I was looking at a room with Hilton on the big island. While reviewing the extra info, noticed the daily resort fee (the add on garbage fee for local phone, internet and a “safe fee”) is $206 per night!


----------



## SteelerGal (Nov 2, 2019)

So is this to have access to the Lagoon etc?


----------



## Sapper (Nov 2, 2019)

SteelerGal said:


> So is this to have access to the Lagoon etc?



It’s to pad Hilton’s bottom line.


----------



## Talent312 (Nov 2, 2019)

If you don't want to pay the fee, it's simple: Just don't go.
But many peep walk with their feet, straight thru the door.
It's like Disney: "The most expensive place on Earth" _and too crowded_.
.

















i


----------



## DeniseM (Nov 2, 2019)

This has been discussed extensively on the Hilton forum.


----------



## Sapper (Nov 2, 2019)

DeniseM said:


> This has been discussed extensively on the Hilton forum.

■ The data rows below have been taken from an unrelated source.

(* Let $g:\mathbb{R}^m\to\overline{\mathbb{R}}$ be a polyhedral function and $(\bar z,\bar\lambda)\in\mathrm{gph}\,\partial g$. The following are equivalent: (a) there is a neighborhood $O$ of $(\bar z,\bar\lambda)$ such that for every $(z,\lambda)\in O\cap\mathrm{gph}\,\partial g$, $g$ is strictly twice epi-differentiable at $z$ for $\lambda$; (b) $\bar\lambda\in\mathrm{ri}\,\partial g(\bar z)$.
   Context: A proper function $g:\mathbb{R}^m\to\overline{\mathbb{R}}$ is polyhedral if its epigraph is a polyhedral convex set; $\partial g$ is the convex-analysis subdifferential; $\mathrm{ri}$ is relative interior. For $f:\mathbb{R}^n\to\overline{\mathbb{R}}$, $f(x)$ finite, $v\in\partial f(x)$, $t>0$, set $\Delta_t^2 f(x,v)(w)=\frac{f(x+tw)-f(x)-t\langle v,w\rangle}{\frac12 t^2}$. A family of functions epi-converges to a function if their epigraphs converge to its epigraph in the Painlevé–Kuratowski sense. $f$ is strictly twice epi-differentiable at $\bar x$ for $\bar v\in\partial f(\bar x)$ if the functions $\Delta_t^2 f(x,v)$ epi-converge to some function as $t\searrow 0$ and $(x,v)\to(\bar x,\bar v)$ with $(x,v)\in\mathrm{gph}\,\partial f$ and $f(x)\to f(\bar x)$. *)

From HB Require Import structures.
From mathcomp Require Import all_boot all_order all_algebra.
From mathcomp Require Import all_classical all_reals all_analysis.
Set Implicit Arguments. Unset Strict Implicit. Unset Printing Implicit Defensive.
Import Order.TTheory GRing.Theory Num.Theory.
Import numFieldNormedType.Exports.
Local Open Scope classical_set_scope.
Local Open Scope ring_scope.

Section Defs.
Variable R : realType.

Definition dotv (n : nat) (x y : 'rV[R]_n) : R := \sum_(i < n) x ord0 i * y ord0 i.

Definition epi (n : nat) (f : 'rV[R]_n -> \bar R) : set ('rV[R]_n * R) :=
  [set p | (f p.1 <= p.2%:E)%E].

Definition proper_fun (n : nat) (f : 'rV[R]_n -> \bar R) : Prop :=
  (forall x, f x <> -oo%E) /\ (exists x, f x \is a fin_num).

Definition polyhedral_set (n : nat) (C : set ('rV[R]_n * R)) : Prop :=
  exists (k : nat) (a : 'I_k -> 'rV[R]_n) (b c : 'I_k -> R),
    C = [set p | forall i, dotv (a i) p.1 + b i * p.2 <= c i].

Definition polyhedral (n : nat) (f : 'rV[R]_n -> \bar R) : Prop :=
  proper_fun f /\ polyhedral_set (epi f).

Definition subdiff (n : nat) (f : 'rV[R]_n -> \bar R) (x : 'rV[R]_n) : set 'rV[R]_n :=
  [set v | f x \is a fin_num /\ forall y, (f x + (dotv v (y - x)%R)%:E <= f y)%E].

Definition aff_hull (n : nat) (C : set 'rV[R]_n) : set 'rV[R]_n :=
  [set w | exists (k : nat) (p : 'I_k -> 'rV[R]_n) (c : 'I_k -> R),
      (forall i, C (p i)) /\ \sum_(i < k) c i = 1 /\ w = \sum_(i < k) c i *: p i].

Definition rel_int (n : nat) (C : set 'rV[R]_n) : set 'rV[R]_n :=
  [set v | C v /\ \forall w \near v, aff_hull C w -> C w].

Definition sodq (n : nat) (f : 'rV[R]_n -> \bar R) (x v : 'rV[R]_n) (t : R)
    (w : 'rV[R]_n) : \bar R :=
  ((f (x + t *: w)%R - f x - (t * dotv v w)%R%:E) * (2 / t ^+ 2)%R%:E)%E.

Definition PK_cvg (T : topologicalType) (C : nat -> set T) (D : set T) : Prop :=
  (forall y, D y -> exists yk : nat -> T,
       (\forall k \near \oo, C k (yk k)) /\ yk @ \oo --> y) /\
  (forall (y : T) (s : nat -> nat) (yk : nat -> T),
       (forall k, (s k < s k.+1)%N) -> (forall k, C (s k) (yk k)) ->
       yk @ \oo --> y -> D y).

Definition epi_cvg (n : nat) (fk : nat -> 'rV[R]_n -> \bar R) (phi : 'rV[R]_n -> \bar R) :=
  PK_cvg (fun k => epi (fk k)) (epi phi).

Definition strictly_twice_epi_diff (n : nat) (f : 'rV[R]_n -> \bar R)
    (xbar vbar : 'rV[R]_n) : Prop :=
  subdiff f xbar vbar /\
  exists phi : 'rV[R]_n -> \bar R,
    forall (t : nat -> R) (x v : nat -> 'rV[R]_n),
      (forall k, 0 < t k) -> t @ \oo --> (0 : R) ->
      x @ \oo --> xbar -> v @ \oo --> vbar ->
      (forall k, subdiff f (x k) (v k)) ->
      (fun k => f (x k)) @ \oo --> f xbar ->
      epi_cvg (fun k => sodq f (x k) (v k) (t k)) phi.

End Defs.

From HB Require Import structures.
From mathcomp Require Import all_boot all_order all_algebra.
From mathcomp Require Import all_classical all_reals all_analysis.
From mathcomp Require Import ring lra.
Import Order.TTheory GRing.Theory Num.Theory.
Import numFieldNormedType.Exports.
Local Open Scope classical_set_scope.
Local Open Scope ring_scope.
Set Implicit Arguments. Unset Strict Implicit. Unset Printing Implicit Defensive.

(* Near (zbar, g zbar) the epigraph of g coincides with the polyhedral cone
   K = {(u, s) | a_i.u + b_i s <= 0 for the active constraints i}, so that
   subdiff g zbar = {v | v.u <= s on K}, and the second-order quotients at
   (zbar, lbar) can only epi-converge to the indicator of the critical cone
   {w | (w, lbar.w) in K}. Both (a) and (b) are equivalent to the orthogonality
   of subdiff g zbar - lbar to the critical cone.
   (a) gives orthogonality: if q + lbar is a subgradient and w is critical, then
   q.w <= 0, while comparing the quotients at lbar and at lbar + e q with step
   e^2 in the epi-limit forces q.w >= 0.
   Orthogonality makes the critical cone the subspace orthogonal to the active
   normals a_i + b_i lbar. By Farkas' lemma subdiff g zbar - lbar lies in their
   span, and bounding coefficients in that span shows that a neighbourhood of
   lbar in the affine hull consists of subgradients: (b).
   (b) lets every subgradient v near lbar be reflected to 2 lbar - v and
   2 v - lbar. This pins every graph point (z, l) near (zbar, lbar) to the same
   face: g z = g zbar + lbar.(z - zbar), l is a subgradient at zbar and the
   critical subspace is unchanged, so at all of them the quotients epi-converge
   to its indicator: (a). *)

Section Dotv.
Variables (R : realType) (m : nat).
Implicit Types (x y z : 'rV[R]_m).

Lemma dotvC x y : dotv x y = dotv y x.
Proof. by apply: eq_bigr => i _; rewrite mulrC. Qed.

Lemma dotvDl x y z : dotv (x + y) z = dotv x z + dotv y z.
Proof. by rewrite /dotv -big_split; apply: eq_bigr => i _; rewrite !mxE mulrDl. Qed.

Lemma dotvZl a x y : dotv (a *: x) y = a * dotv x y.
Proof. by rewrite /dotv mulr_sumr; apply: eq_bigr => i _; rewrite !mxE mulrA. Qed.

Lemma dotvNl x y : dotv (- x) y = - dotv x y.
Proof. by rewrite -scaleN1r dotvZl mulN1r. Qed.

Lemma dotvBl x y z : dotv (x - y) z = dotv x z - dotv y z.
Proof. by rewrite dotvDl dotvNl. Qed.

Lemma dotv0l y : dotv 0 y = 0.
Proof. by rewrite -(scale0r 0) dotvZl mul0r. Qed.

Lemma dotvDr x y z : dotv x (y + z) = dotv x y + dotv x z.
Proof. by rewrite dotvC dotvDl !(dotvC x). Qed.

Lemma dotvZr a x y : dotv x (a *: y) = a * dotv x y.
Proof. by rewrite dotvC dotvZl dotvC. Qed.

Lemma dotvNr x y : dotv x (- y) = - dotv x y.
Proof. by rewrite dotvC dotvNl dotvC. Qed.

Lemma dotvBr x y z : dotv x (y - z) = dotv x y - dotv x z.
Proof. by rewrite dotvDr dotvNr. Qed.

Lemma dotv0r x : dotv x 0 = 0.
Proof. by rewrite dotvC dotv0l. Qed.

Lemma dotv_norm_le x y : `|dotv x y| <= m%:R * `|x| * `|y|.
Proof.
have entry_le z i : `|z ord0 i| <= `|z|.
  change (`|z ord0 i| <= mx_norm z); rewrite mx_normrE.
  exact: (le_bigmax _ (fun ij : 'I_1 * 'I_m => `|z ij.1 ij.2|) (ord0, i)).
apply: le_trans (ler_norm_sum _ _ _) _.
rewrite -mulrA -[m in m%:R]card_ord -sumr_const mulr_suml.
by apply: ler_sum => i _; rewrite mul1r normrM ler_pM.
Qed.

Lemma dotv_gt0 x : x != 0 -> 0 < dotv x x.
Proof.
move=> x0; have [i xi0] : exists i, x ord0 i != 0.
  apply/existsP; apply: contraR x0; rewrite negb_exists => /forallP x0.
  by apply/eqP/rowP => i; rewrite mxE; apply/eqP/negPn.
rewrite /dotv (bigD1 i) //= ltr_pwDl ?sumr_ge0 // => [|j _].
  by rewrite -expr2 lt_def sqrf_eq0 xi0 sqr_ge0.
by rewrite -expr2 sqr_ge0.
Qed.

Lemma dotv_cvg (x y : nat -> 'rV[R]_m) (lx ly : 'rV[R]_m) :
  x @ \oo --> lx -> y @ \oo --> ly ->
  (fun n => dotv (x n) (y n)) @ \oo --> dotv lx ly.
Proof.
move=> hx hy; apply: (@cvg_big _ _ _ _ _ _ _ _ _ (fun i n => x n ord0 i * y n ord0 i)).
  exact: add_continuous.
move=> i _; apply: cvgM.
  exact: cvg_comp hx (@coord_continuous R 1 m ord0 i lx).
exact: cvg_comp hy (@coord_continuous R 1 m ord0 i ly).
Qed.

End Dotv.

Local Ltac row_ring := apply/rowP => ?; rewrite !mxE; ring.

Section FiniteCones.
Variables (R : realType) (m : nat).
Implicit Types (a c e u : 'rV[R]_m) (s : seq 'rV[R]_m).

Fixpoint in_cone s c : Prop :=
  if s is a :: s' then exists2 mu : R, 0 <= mu & in_cone s' (c - mu *: a)
  else c = 0.

Fixpoint in_span s c : Prop :=
  if s is a :: s' then exists y : R, in_span s' (c - y *: a) else c = 0.

Lemma in_cone_unproject a u s c : 0 < dotv a u -> {in s, forall e, dotv e u <= 0} ->
  in_cone [seq e - (dotv e u / dotv a u) *: a | e <- s] c ->
  exists2 nu, 0 <= nu & in_cone s (c - nu *: a).
Proof.
move=> au; elim: s c => [|e s IH] c s_u /=.
  by move=> ->; exists 0 => //; row_ring.
have eu : dotv e u / dotv a u <= 0.
  by rewrite mulr_le0_ge0 ?s_u ?mem_head // invr_ge0 ltW.
case=> mu mu0 /(IH _ (sub_in1 (@mem_behead _ (e :: s)) s_u)) [nu nu0 hnu].
exists (nu - mu * (dotv e u / dotv a u)).
  by rewrite subr_ge0 (le_trans _ nu0) // mulr_ge0_le0.
exists mu => //; congr (in_cone s _): hnu; row_ring.
Qed.

Lemma farkas s c :
  in_cone s c \/ exists2 u, {in s, forall e, dotv e u <= 0} & 0 < dotv c u.
Proof.
move Hn : (size s) => n; elim: n s c Hn => [|n IH] [|a s] c //= => [_|[Hs]].
  have [->|c0] := eqVneq c 0; first by left.
  by right; exists c => //; apply: dotv_gt0.
have [Hc|[u s_u cu]] := IH s c Hs.
  by left; exists 0 => //; rewrite scale0r subr0.
have [au|au] := leP (dotv a u) 0.
  by right; exists u => // e; rewrite in_cons => /orP[/eqP->|/s_u].
(* Otherwise project along [a] onto the hyperplane [dotv _ u = 0] and recurse. *)
pose proj x := x - (dotv x u / dotv a u) *: a.
have := IH [seq proj x | x <- s] (proj c); rewrite size_map => /(_ Hs).
case=> [Hp|[u' s_u' cu']].
  have [nu nu0 Hn] := in_cone_unproject au s_u Hp.
  left; exists (dotv c u / dotv a u + nu); first by rewrite addr_ge0 // divr_ge0 // ltW.
  by congr (in_cone s _): Hn; rewrite /proj; row_ring.
pose u'' := u' - (dotv a u' / dotv a u) *: u.
have proj_dotv x : dotv x u'' = dotv (proj x) u'.
  by rewrite /proj dotvBr dotvZr dotvBl dotvZl (dotvC a u'); field; rewrite gt_eqF.
right; exists u''; last by rewrite proj_dotv.
move=> e; rewrite in_cons => /orP[/eqP->|es].
  by rewrite dotvBr dotvZr mulfVK ?subrr ?gt_eqF.
by rewrite proj_dotv s_u' ?map_f.
Qed.

Lemma in_cone_dotv_le s c : in_cone s c -> exists2 M, 0 <= M &
  forall u (Y : R), 0 <= Y -> {in s, forall e, dotv e u <= Y} -> dotv c u <= M * Y.
Proof.
elim: s c => [|a s IH] c /=.
  by move=> ->; exists 0 => // u Y _ _; rewrite dotv0l mul0r.
case=> mu mu0 /IH [M M0 HM]; exists (M + mu) => [|u Y Y0 s_u]; first exact: addr_ge0.
have := HM u Y Y0 (sub_in1 (@mem_behead _ (a :: s)) s_u).
have := ler_wpM2l mu0 (s_u a (mem_head _ _)).
rewrite dotvBl dotvZl mulrDl; lra.
Qed.

Lemma in_span0 s : in_span s 0.
Proof. by elim: s => [|a s IH] //=; exists 0; rewrite scale0r subr0. Qed.

Lemma in_spanD s c1 c2 : in_span s c1 -> in_span s c2 -> in_span s (c1 + c2).
Proof.
elim: s c1 c2 => [|a s IH] c1 c2 /=; first by move=> -> ->; rewrite addr0.
case=> [y1 /IH h1] [y2 /h1 h2]; exists (y1 + y2); congr (in_span s _): h2; row_ring.
Qed.

Lemma in_spanZ s k c : in_span s c -> in_span s (k *: c).
Proof.
elim: s c => [|a s IH] c /=; first by move=> ->; rewrite scaler0.
by case=> y /IH h; exists (k * y); congr (in_span s _): h; row_ring.
Qed.

Lemma in_span_dotv_eq0 s c u : in_span s c -> {in s, forall e, dotv e u = 0} ->
  dotv c u = 0.
Proof.
elim: s c => [|a s IH] c /=; first by move=> ->; rewrite dotv0l.
case=> y /IH h s_u; have := h (sub_in1 (@mem_behead _ (a :: s)) s_u).
by rewrite dotvBl dotvZl (s_u a) ?mem_head // mulr0 subr0.
Qed.

Lemma in_cone_sym_span s c :
  in_cone (flatten [seq [:: e; - e] | e <- s]) c -> in_span s c.
Proof.
elim: s c => [|e s IH] c //= [mu _ [nu _ /IH h]].
by exists (mu - nu); congr (in_span s _): h; row_ring.
Qed.

Lemma farkas_span s c :
  in_span s c \/ exists2 u, {in s, forall e, dotv e u = 0} & 0 < dotv c u.
Proof.
have [/in_cone_sym_span|[u s_u cu]] := farkas (flatten [seq [:: e; - e] | e <- s]) c.
  by left.
right; exists u => // e es.
have mem_sym f : f \in [:: e; - e] -> f \in flatten [seq [:: e; - e] | e <- s].
  by move=> fe; apply/flattenP; exists [:: e; - e]; rewrite ?map_f.
apply/eqP; rewrite eq_le s_u ?mem_sym ?mem_head //= -oppr_le0 -dotvNl.
by rewrite s_u ?mem_sym // !inE eqxx orbT.
Qed.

I thought the HGVC forum was restricted to the timeshares. This is specific to the hotel. 

Link?


----------



## bevans (Nov 2, 2019)

I believe this amount is for the whole stay as the resort daily fee is around $45 plus they tax it, still way too much as I hate this style of fee. I go to some length to avoid places that find a need for these deceptive charges. Curt


----------



## Sapper (Nov 3, 2019)

bevans said:


> I believe this amount is for the whole stay as the resort daily fee is around $45 plus they tax it, still way too much as I hate this style of fee. I go to some length to avoid places that find a need for these deceptive charges. Curt



I thought that as well, but I was doing the one bedroom for $295/night. I was looking at three nights. At the bottom they are stating the charge to the card will be $1512.24. The only way to get near the total is if the per night garbage fees are the $206. Agree though, $45 a night is too much.


----------



## dgalati (Nov 3, 2019)

Sapper said:


> I thought the HGVC forum was restricted to the timeshares. This is specific to the hotel.
> 
> Link?


It is still a BULL S*** Fee either way.


----------



## Sapper (Nov 3, 2019)

dgalati said:


> It is still a BULL S*** Fee either way.



100% agree!


----------



## am1 (Nov 5, 2019)

Do those fees somehow avoid taxes?  If so is it a win for both parties overall?  I do not like the fees.  Usually pay with points.


----------



## Sapper (Nov 6, 2019)

am1 said:


> Do those fees somehow avoid taxes?  If so is it a win for both parties overall?  I do not like the fees.  Usually pay with points.



No, the fees do not allow you to avoid taxes.  In fact, taxes are levied against fees plus hotel cost.


----------



## bevans (Nov 6, 2019)

One benefit of being a HGVC owner is staying at their timeshares you do not pay resort fees and you only pay about the 4% excise tax on your stay versus the additional almost 10% transient tax for about 14% total for hotel rooms. Curt


----------



## alwysonvac (Nov 7, 2019)

Here’s a link to the description of the daily $45 resort fee + tax - https://www.hiltonwaikoloavillage.com/resort-charge

This resort also has a high daily parking fee as well.
$30/day for self parking and $37/day for valet parking 
https://www.hiltonwaikoloavillage.com/have-a-perfect-stay


----------



## mikenoff (Nov 9, 2019)

Sapper said:


> View attachment 14889
> I was looking at a room with Hilton on the big island. While reviewing the extra info, noticed the daily resort fee (the add on garbage fee for local phone, internet and a “safe fee”) is $206 per night!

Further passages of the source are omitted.